Dataset items:
(* Let $d\geq 2$, let $t\geq 2$ be an integer and $0\leq\epsilon<1$. Let $U$ be a $d\times d$ unitary matrix distributed according to an $\epsilon$-approximate unitary $t$-design. Then for any unit vectors $|\alpha\rangle,|\beta\rangle\in\mathbb{C}^d$ and any constant $0\leq\gamma\leq1-\epsilon$, $$\Pr_U\left[|\langle\alpha|U|\beta\rangle|^2>\frac{\gamma}{d}\right]\geq\frac{(1-\epsilon-\gamma)^2}{2(1+\epsilon)}.$$
   Context: A distribution $\{p_i,U_i\}$ over $d\times d$ unitaries is an $\epsilon$-approximate unitary $t$-design if for every polynomial $f$ homogeneous of degree $t$ in the entries of $U$ and homogeneous of degree $t$ in the entries of $U^*$, $(1-\epsilon)\int_{\mathrm{U}(d)}f(U)\,dU\leq\sum_ip_if(U_i)\leq(1+\epsilon)\int_{\mathrm{U}(d)}f(U)\,dU$, with $dU$ the Haar measure on $\mathrm{U}(d)$. *)

From HB Require Import structures.
From mathcomp Require Import all_boot all_order all_algebra.
From mathcomp Require Import reals.
From mathcomp Require Export complex.
Set Implicit Arguments. Unset Strict Implicit. Unset Printing Implicit Defensive.
Import Order.TTheory GRing.Theory Num.Theory.
Local Open Scope ring_scope.
Local Open Scope complex_scope.

Section Unitary.
Variables (R : realType) (d : nat).
Local Notation C := R[i].

Definition adjmx m n (A : 'M[C]_(m, n)) : 'M[C]_(n, m) := (map_mx Num.conj A)^T.

Definition unitary (U : 'M[C]_d) : Prop := U *m adjmx U = 1%:M.

Definition unit_vec (v : 'cV[C]_d) : Prop := (adjmx v *m v) 0 0 = 1.
Lemma ln_le_quadratic (R : realType) (x c M : R) :
  0 < x -> x <= M -> 0 < c -> c <= M ->
  ln x <= ln c + (x - c) / c - (x - c) ^+ 2 / (2 * c * M).
Proof.
move=> x_gt0 x_leM c_gt0 c_leM; have M_gt0 : 0 < M := lt_le_trans c_gt0 c_leM.
pose p : {poly R} := (- c^-1) *: 'X + (2 * c * M)^-1 *: ('X - c%:P) ^+ 2.
pose h : R -> R := @ln R + horner p.
have hE y : h y = ln y - y / c + (y - c) ^+ 2 / (2 * c * M).
  by rewrite /h /p addrfctE /= !hornerE /=; ring.
(* h is maximal at c on (0, M]. *)
have h'E (y : R) : 0 < y -> is_derive y 1 h ((c - y) * (M - y) / (y * c * M)).
  move=> y0; have -> : (c - y) * (M - y) / (y * c * M) = y^-1 + p^`().[y].
    by rewrite /p !poly.derivE !hornerE /=; field; rewrite !gt_eqF.
  exact: is_deriveD (is_derive1_ln y0) (is_derive_poly p y).
have h_derivable (a b : R) : 0 < a -> {in `]a, b[, forall y, derivable h y 1}.
  by move=> a0 y; rewrite in_itv /= => /andP[/(lt_trans a0)/h'E[]].
have h'_itv (a b : R) y : 0 < a -> y \in `]a, b[ ->
    derive1 h y = (c - y) * (M - y) / (y * c * M).
  move=> a0; rewrite in_itv /= => /andP[/(lt_trans a0) y0 _].
  by have := h'E y y0; rewrite derive1E => ?; rewrite derive_val.
have h_cont (a b : R) : 0 < a -> {within `[a, b], continuous h}.
  move=> a0; apply: derivable_within_continuous => y.
  by rewrite in_itv /= => /andP[/(lt_le_trans a0)/h'E[]].
have h_le_hc : h x <= h c.
  have [xc|cx] := leP x c.
  - have h'_ge0 y : y \in `]x, c[ -> 0 <= derive1 h y.
      move=> yI; rewrite (h'_itv _ _ _ x_gt0 yI); move: yI; rewrite in_itv /= => /andP[xy yc].
      have y_gt0 : 0 < y := lt_trans x_gt0 xy.
      by rewrite divr_ge0 ?mulr_ge0 ?subr_ge0 ?ltW // (lt_le_trans yc).
    by apply: (ger0_derive1_le_cc (h_derivable x c x_gt0) h'_ge0 (h_cont x c x_gt0));
      rewrite ?in_itv /= ?lexx ?xc.
  - have h'_le0 y : y \in `]c, x[ -> derive1 h y <= 0.
      move=> yI; rewrite (h'_itv _ _ _ c_gt0 yI); move: yI; rewrite in_itv /= => /andP[cy yx].
      rewrite -opprB mulNr mulNr oppr_le0.
      have y_gt0 : 0 < y := lt_trans c_gt0 cy.
      by rewrite divr_ge0 ?mulr_ge0 ?subr_ge0 ?ltW // (lt_le_trans yx).
    by apply: (ler0_derive1_le_cc (h_derivable c x c_gt0) h'_le0 (h_cont c x c_gt0));
      rewrite ?in_itv /= ?lexx ?ltW.
move: h_le_hc; rewrite !hE subrr expr0n /= mul0r addr0.
have -> : (x - c) / c = x / c - 1 by field; rewrite gt_eqF.
by rewrite divff ?gt_eqF //; lra.
Qed.

Lemma big_seq_quadratic (R : comNzRingType) (t : seq R) (a b d : R) :
  \sum_(x <- t) (a + b * x + d * x ^+ 2) =
  (size t)%:R * a + b * \sum_(x <- t) x + d * \sum_(x <- t) x ^+ 2.
Proof.
elim: t => [|y t IH]; first by rewrite !big_nil mul0r !mulr0 !addr0.
by rewrite !big_cons IH /= mulrS; ring.
Qed.

Lemma sqr_sum_le_size_mul_sum_sqr (R : realDomainType) (t : seq R) :
  (\sum_(x <- t) x) ^+ 2 <= (size t)%:R * \sum_(x <- t) x ^+ 2.
Proof.
set S := \sum_(x <- t) x; set Q := \sum_(x <- t) x ^+ 2; set k : R := (size t)%:R.
have inner x : \sum_(y <- t) (x - y) ^+ 2 = Q + (- 2 * S) * x + k * x ^+ 2.
  rewrite (eq_bigr (fun y => x ^+ 2 + (- 2 * x) * y + 1 * y ^+ 2)) => [|y _]; last by ring.
  by rewrite big_seq_quadratic -/S -/Q -/k; ring.
have : 0 <= \sum_(x <- t) \sum_(y <- t) (x - y) ^+ 2.
  by do 2![apply: sumr_ge0 => ? _]; exact: sqr_ge0.
rewrite (eq_bigr _ (fun x _ => inner x)) big_seq_quadratic -/S -/Q -/k.
have -> : k * Q + -2 * S * S + k * Q = 2 * (k * Q - S ^+ 2) by ring.
by rewrite pmulr_rge0 // subr_ge0.
Qed.
(* In $\mathbb{R}^3$ write $z=(z_1,\mathbf z_2)$ with $\mathbf z_2\in\mathbb{R}^2$. For $k\in\mathbb{N}$, $r>0$ let $C_{k,r}=[k,k+\tfrac14]\times D_r$, where $D_r\subset\mathbb{R}^2$ is the disc of radius $r$ centred at $0$. For $r\in(0,e^{-1})$ let $f(r)=\frac{1}{r|\ln r|\ln|\ln r|}$, and for $n\in\mathbb{N}$, $z\in\mathbb{R}^3$ let $V_n(z)=f\big(\tfrac{z_1}{25n}\big)\sum_{k=1}^n\mathbf 1_{C_{k,\sqrt{k/(25n)}}}(z)$ (and $V_n(z)=0$ off the union of these cylinders). Then $$\lim_{\varepsilon\to0^+}\ \sup_{x\in\mathbb{R}^3,\ n\in\mathbb{N}}\int_{|z-x|<\varepsilon}\frac{|V_n(z)|}{|z-x|}\,dz=0.$$ *)

From mathcomp Require Import all_boot all_order all_algebra.
From mathcomp Require Import all_classical all_reals all_analysis.
Import Order.TTheory GRing.Theory Num.Theory.

Set Implicit Arguments.
Unset Strict Implicit.
Unset Printing Implicit Defensive.

Local Open Scope ring_scope.
Local Open Scope classical_set_scope.

(* Points of R^3 are triples z = (z1, z21, z22) : R * R * R, i.e.
   z.1.1 = z_1 and (z.1.2, z.2) = bold z_2 in R^2. *)

Definition leb3 (R : realType) :=
  ((@lebesgue_measure R \x @lebesgue_measure R) \x @lebesgue_measure R)%E.

Definition dist3 (R : realType) (z x : R * R * R) : R :=
  Num.sqrt ((z.1.1 - x.1.1) ^+ 2 + (z.1.2 - x.1.2) ^+ 2 + (z.2 - x.2) ^+ 2).

Definition f_fun (R : realType) (r : R) : R :=
  (r * `|ln r| * ln `|ln r|)^-1.

Definition cyl (R : realType) (k : nat) (r : R) : set (R * R * R) :=
  [set z | k%:R <= z.1.1 <= k%:R + 4^-1 /\ z.1.2 ^+ 2 + z.2 ^+ 2 <= r ^+ 2].

Definition Vn (R : realType) (n : nat) (z : R * R * R) : R :=
  f_fun (z.1.1 / (25 * n%:R)) *
  \sum_(1 <= k < n.+1) \1_(cyl k (Num.sqrt (k%:R / (25 * n%:R)))) z.

Definition Kint (R : realType) (eps : R) (x : R * R * R) (n : nat) : \bar R :=
  (\int[@leb3 R]_(z in [set z | (dist3 z x < eps)%R])
      (`|Vn n z| / dist3 z x)%:E)%E.

Definition Ksup (R : realType) (eps : R) : \bar R :=
  ereal_sup [set y | exists (x : R * R * R) (n : nat), y = Kint eps x n].

(* Fix 0 < eps <= 1/16, a point x and n >= 1, and put a := x_1/(25n).
   Near x (axial distance < 1/2) only the cylinders with k/(25n) <= z_1/(25n)
   and z_1/(25n) within a factor 2 of a matter; hence V_n vanishes on the
   eps-ball unless a > 0, is bounded there by F(a) := 2/(a M ln M) with
   M := -ln(min(2a, 1/20)), and is supported in the slab |z_2|, |z_3| <= sqrt(2a).
   The kernel is decomposed dyadically: with s_j := eps/2^j, on the ball
   1/|z - x| <= sum_j (2/s_j) 1_{B_j}(z), where B_j is the box of half-side
   s_j around x cut down to the slab, of volume <= 8 s_j min(s_j, sqrt(2a))^2.
   So the integral is at most 16 F(a) sum_j min(s_j, sqrt(2a))^2
   <= 16 F(a) (2aN + 4/3 s_N^2) for every level N, and a good choice of N
   (N = 0 when eps <= 2a, N ~ M otherwise) gives the bound
   B(eps) := 86 eps + 139/ln(-ln eps), uniform in x and n, which tends to 0. *)
From mathcomp Require Import all_boot all_order all_algebra.
From mathcomp Require Import all_classical all_reals all_analysis.
From mathcomp Require Import lra ring.
Import Order.TTheory GRing.Theory Num.Theory.

Local Open Scope ring_scope.
Local Open Scope classical_set_scope.

Local Notation dyadic eps j := (eps * (2^-1) ^+ j).

Section DyadicKernel.
Context {R : realType}.
Implicit Types (eps d s rho F v : R) (x z : R * R * R).

Definition slab_box x s rho : set (R * R * R) :=
  (`[x.1.1 - s, x.1.1 + s] `*` (`[x.1.2 - s, x.1.2 + s] `&` `[- rho, rho]))
  `*` (`[x.2 - s, x.2 + s] `&` `[- rho, rho]).

Lemma slab_box_measurable x s rho : measurable (slab_box x s rho).
Proof.
apply: measurableX; first apply: measurableX.
- exact: measurable_itv.
- by apply: measurableI; exact: measurable_itv.
- by apply: measurableI; exact: measurable_itv.
Qed.

Lemma lebesgue_itvI_le (c e a b : R) : a <= b ->
  (lebesgue_measure (`[a, b] `&` `[c, e]) <= (b - a)%:E)%E.
Proof.
move=> ab; apply: (@le_trans _ _ (lebesgue_measure `[a, b])).
  apply: le_measure; last exact: subIsetl.
  - by rewrite inE; apply: measurableI; exact: measurable_itv.
  - by rewrite inE; exact: measurable_itv.
rewrite lebesgue_measure_itv /= lte_fin.
by case: ltgtP ab => //= ->; rewrite subrr.
Qed.

Lemma lebesgue_centered_itvI_le (c s rho : R) : 0 <= s -> 0 <= rho ->
  (lebesgue_measure (`[(c - s)%R, (c + s)%R] `&` `[(- rho)%R, rho]) <=
    (2 * Num.min s rho)%:E)%E.
Proof.
move=> s0 r0; case: (leP s rho) => sr.
  apply: (le_trans (lebesgue_itvI_le (- rho) rho (c - s) (c + s) _)); first lra.
  by rewrite lee_fin; lra.
rewrite setIC; apply: (le_trans (lebesgue_itvI_le (c - s) (c + s) (- rho) rho _)).
  lra.
by rewrite lee_fin; lra.
Qed.

Lemma leb3_slab_box_le x s rho : 0 <= s -> 0 <= rho ->
  (@leb3 R (slab_box x s rho) <= ((2 * s) * (2 * Num.min s rho) ^+ 2)%:E)%E.
Proof.
move=> s0 r0.
have itv_side : (lebesgue_measure `[(x.1.1 - s)%R, (x.1.1 + s)%R] <= (2 * s)%:E)%E.
  rewrite lebesgue_measure_itv /= lte_fin.
  by case: ifP => _; rewrite lee_fin; [lra | rewrite mulr_ge0].
have slab_m (a b : R) : measurable (`[a, b] `&` `[(- rho)%R, rho]).
  by apply: measurableI; exact: measurable_itv.
have prod3 := @product_measure1E _ _ _ _ R
  (lebesgue_measure \x lebesgue_measure)%E (@lebesgue_measure R).
have prod2 := @product_measure1E _ _ _ _ R (@lebesgue_measure R) (@lebesgue_measure R).
rewrite /leb3 /slab_box prod3; last 2 first.
- by apply: measurableX; [exact: measurable_itv | exact: slab_m].
- exact: slab_m.
rewrite [X in (X * _)%E]prod2; last 2 first.
- exact: measurable_itv.
- exact: slab_m.
have -> : ((2 * s) * (2 * Num.min s rho) ^+ 2)%:E =
    ((2 * s)%:E * (2 * Num.min s rho)%:E * (2 * Num.min s rho)%:E)%E.
  by rewrite -!EFinM; congr EFin; ring.
apply: lee_pmul.
- by apply: mule_ge0; exact: measure_ge0.
- exact: measure_ge0.
- apply: lee_pmul; [exact: measure_ge0 | exact: measure_ge0 | exact: itv_side |].
  exact: lebesgue_centered_itvI_le.
- exact: lebesgue_centered_itvI_le.
Qed.

(* Comparison of a restricted integral with a full one, for nonnegative
   integrands; no measurability of f is needed (V_n is never shown measurable). *)
Lemma integral_le_integralT (disp : measure_display) (T : measurableType disp)
    (mu : {measure set T -> \bar R}) (D : set T) (f g : T -> \bar R) :
  (forall t, D t -> 0 <= f t)%E -> (forall t, 0 <= g t)%E ->
  (forall t, D t -> f t <= g t)%E -> (\int[mu]_(t in D) f t <= \int[mu]_t g t)%E.
Proof.
move=> f0 g0 fg; rewrite ge0_integralE // ge0_integralTE //.
apply: ereal_sup_le => _ [h hf <-]; exists h => //= t.
apply: (le_trans (hf t)); rewrite /patch; case: ifP; rewrite ?inE.
  by move=> Dt; exact: fg.
by move=> _; exact: g0.
Qed.

Lemma dyadic_gt0 eps j : 0 < eps -> 0 < dyadic eps j.
Proof. by move=> e0; rewrite mulr_gt0 // exprn_gt0 // invr_gt0. Qed.

Lemma dyadic_shell eps d : 0 < d -> d < eps ->
  exists j, dyadic eps j.+1 <= d /\ d < dyadic eps j.
Proof.
move=> d0 de; have e0 : 0 < eps by apply: lt_trans de.
have below : exists m, dyadic eps m <= d.
  have hb := @archi_boundP R (eps / d) (ltW (divr_gt0 e0 d0)).
  set m := Num.Def.archi_bound _ in hb; exists m.
  have m_le : (m%:R : R) <= 2 ^+ m.
    by rewrite -natrX ler_nat; apply: ltnW; exact: ltn_expl.
  have := lt_le_trans hb m_le; rewrite ltr_pdivrMr // => em.
  by rewrite exprVn ler_pdivrMr ?exprn_gt0 // mulrC ltW.
case: (ex_minnP below) => -[|j] hm hmin.
  by move: hm; rewrite expr0 mulr1 leNgt de.
exists j; split => //; rewrite ltNge; apply/negP => /hmin.
by rewrite ltnn.
Qed.

Lemma abs_le_norm3 (a b c : R) : `|a| <= Num.sqrt (a ^+ 2 + b ^+ 2 + c ^+ 2).
Proof.
by rewrite -sqrtr_sqr ler_wsqrtr // -addrA lerDl addr_ge0 // ?sqr_ge0.
Qed.

Lemma coord_le_dist3 x z :
  [/\ `|z.1.1 - x.1.1| <= dist3 z x, `|z.1.2 - x.1.2| <= dist3 z x
    & `|z.2 - x.2| <= dist3 z x].
Proof.
rewrite /dist3; split; first exact: abs_le_norm3.
  by rewrite (addrC ((z.1.1 - x.1.1) ^+ 2)); exact: abs_le_norm3.
by rewrite [X in Num.sqrt X]addrC addrA; exact: abs_le_norm3.
Qed.

(* The j-th term of the dyadic majorant of v / |z - x| (for 0 <= v <= F):
   the height 2F/s_j on the slab box of half-side s_j = eps/2^j. *)
Definition dyadic_term eps x rho F (j : nat) z : \bar R :=
  ((F * 2 / dyadic eps j) * \1_(slab_box x (dyadic eps j) rho) z)%:E.

Lemma dyadic_term_ge0 eps x rho F j z : 0 < eps -> 0 <= F ->
  (0 <= dyadic_term eps x rho F j z)%E.
Proof.
move=> e0 F0; rewrite lee_fin mulr_ge0 //.
by rewrite divr_ge0 ?mulr_ge0 // ltW // dyadic_gt0.
Qed.

Lemma in_slab_box eps x z rho j : dist3 z x < dyadic eps j ->
  `|z.1.2| <= rho -> `|z.2| <= rho -> slab_box x (dyadic eps j) rho z.
Proof.
move=> hd h2 h3; have [c1 c2 c3] := coord_le_dist3 x z.
have near_c (c t r : R) : `|t - c| < r -> `[c - r, c + r] t.
  by move=> h; rewrite /= in_itv /=; move: h; rewrite ltr_norml => /andP[? ?];
    apply/andP; split; lra.
have in_sym (t : R) : `|t| <= rho -> `[- rho, rho] t.
  by move=> h; rewrite /= in_itv /=; move: h; rewrite ler_norml.
split; first split.
- exact/near_c/(le_lt_trans c1 hd).
- by split; [exact/near_c/(le_lt_trans c2 hd) | exact: in_sym].
- by split; [exact/near_c/(le_lt_trans c3 hd) | exact: in_sym].
Qed.

Lemma kernel_le_dyadic eps x rho F z v : 0 < eps -> 0 <= v <= F ->
  (v != 0 -> `|z.1.2| <= rho /\ `|z.2| <= rho) -> dist3 z x < eps ->
  ((v / dist3 z x)%:E <= \sum_(j <oo) dyadic_term eps x rho F j z)%E.
Proof.
move=> e0 /andP[v0 vF] hslab hz.
have F0 : 0 <= F := le_trans v0 vF.
have series_ge0 : (0 <= \sum_(j <oo) dyadic_term eps x rho F j z)%E.
  by apply: nneseries_ge0 => *; apply: dyadic_term_ge0.
have [->|vn0] := eqVneq v 0; first by rewrite mul0r.
have [d0|d0] := eqVneq (dist3 z x) 0; first by rewrite d0 invr0 mulr0.
have dpos : 0 < dist3 z x by rewrite lt_def d0 sqrtr_ge0.
have [j [shell_lo shell_hi]] := dyadic_shell _ _ dpos hz.
have [h2 h3] := hslab vn0.
apply: (@le_trans _ _ (dyadic_term eps x rho F j z)); last first.
  apply: le_trans (nneseries_lim_ge j.+1 _); last by move=> *; apply: dyadic_term_ge0.
  rewrite big_nat_recr //= lee_paddl //.
  by apply: sume_ge0 => *; apply: dyadic_term_ge0.
have inbox : slab_box x (dyadic eps j) rho z by exact: in_slab_box.
rewrite /dyadic_term indicE mem_set // mulr1 lee_fin.
apply: (@le_trans _ _ (F / dist3 z x)); first by rewrite ler_wpM2r // invr_ge0 ltW.
rewrite -mulrA ler_wpM2l // -invf_div lef_pV2 ?posrE ?divr_gt0 ?dyadic_gt0 //.
by move: shell_lo; rewrite exprSr mulrA; lra.
Qed.

Local Open Scope ereal_scope.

EXERCISE DIRECTIONS: Only the lines above starting at the one containing "z x < eps ->" and ending at the one containing "rewrite /dyadic_term indicE", both included, are to be returned, exactly as they read.

WRITTEN RESPONSE:
  (v != 0 -> `|z.1.2| <= rho /\ `|z.2| <= rho) -> dist3 z x < eps ->
  ((v / dist3 z x)%:E <= \sum_(j <oo) dyadic_term eps x rho F j z)%E.
Proof.
move=> e0 /andP[v0 vF] hslab hz.
have F0 : 0 <= F := le_trans v0 vF.
have series_ge0 : (0 <= \sum_(j <oo) dyadic_term eps x rho F j z)%E.
  by apply: nneseries_ge0 => *; apply: dyadic_term_ge0.
have [->|vn0] := eqVneq v 0; first by rewrite mul0r.
have [d0|d0] := eqVneq (dist3 z x) 0; first by rewrite d0 invr0 mulr0.
have dpos : 0 < dist3 z x by rewrite lt_def d0 sqrtr_ge0.
have [j [shell_lo shell_hi]] := dyadic_shell _ _ dpos hz.
have [h2 h3] := hslab vn0.
apply: (@le_trans _ _ (dyadic_term eps x rho F j z)); last first.
  apply: le_trans (nneseries_lim_ge j.+1 _); last by move=> *; apply: dyadic_term_ge0.
  rewrite big_nat_recr //= lee_paddl //.
  by apply: sume_ge0 => *; apply: dyadic_term_ge0.
have inbox : slab_box x (dyadic eps j) rho z by exact: in_slab_box.
rewrite /dyadic_term indicE mem_set // mulr1 lee_fin.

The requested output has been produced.